The Protocol to Eliminate Illicit Trade in Tobacco Products is a 2012 World Health Organization treaty, designed to combat the worldwide illicit tobacco trade. The Protocol is supplementary to the WHO Framework Convention on Tobacco Control.

== Description ==

The Protocol was concluded on 12 November 2012 in Seoul, at the fifth session of the Conference of the Parties to the WHO Framework Convention on Tobacco Control. It was opened for signature on 10 January 2013 and remained so until 9 January 2014. It was signed by 54 states and, as September 2025, has been ratified by or acceded to by 71 parties. The Protocol entered into force on 25 September 2018 after being ratified by its 40th state. Only parties that have ratified the Framework Convention may ratify the Protocol.

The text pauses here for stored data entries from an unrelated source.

Lemma perfect_matching_involution (p : V -> V) :
  (forall v, e v (p v)) -> involutive p -> perfect_matching e [set [set v; p v] | v : V].
Proof.
move=> ep pK; apply/andP; split.
  apply/forallP => s; apply/implyP => /imsetP [v _ ->].
  apply/existsP; exists v; apply/existsP; exists (p v); apply/and3P; split => //.
  by apply/eqP => vp; have := ep v; rewrite -vp e_irr.
apply/forallP => u; apply/cards1P; exists [set u; p u]; apply/setP => s.
rewrite !inE; apply/andP/eqP => [[/imsetP [v _ ->] /set2P [->|->]] //|->].
  by rewrite pK setUC.
by rewrite set21; split; first apply: imset_f.
Qed.

End PerfectMatching.

Section ForcingNumber.
Variables (V : finType) (e : rel V).

Lemma forcing_number_le M S :
  perfect_matching e M -> forcing_set e M S -> forcing_number e <= #|S|.
Proof.
move=> pmM fS; apply: (@leq_trans (forcing_number_of e M)).
  exact: (@bigmin_le_cond _ nat).
exact: (@bigmin_le_cond _ nat).
Qed.

Lemma forcing_number_ge k : k <= #|V|.+1 ->
  (forall M S, perfect_matching e M -> forcing_set e M S -> k <= #|S|) ->
  k <= forcing_number e.
Proof.
move=> kV kS; apply: (@le_bigmin _ nat) => // M pmM.
by apply: (@le_bigmin _ nat) => // S; apply: kS.
Qed.

End ForcingNumber.

Section UniqueDiagonal.
Local Open Scope ring_scope.
Variables (F : fieldType) (k : nat).
Implicit Types (A W : 'M[F]_k).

The Protocol contains provisions which require a ratifying state to take a variety of measures regarding the tobacco trade, including licensing, tracking and tracing, record-keeping, monitoring and regulating sales by Internet, international transit, and duty-free sales. The Protocol also promotes international co-operation in information sharing, mutual legal assistance, and extradition of persons suspected of involvement in the illicit tobacco trade.

Once it has entered into force, the Protocol will be monitored by the Meeting of the Parties which convenes every other year immediately following the FCTC Conference of the parties.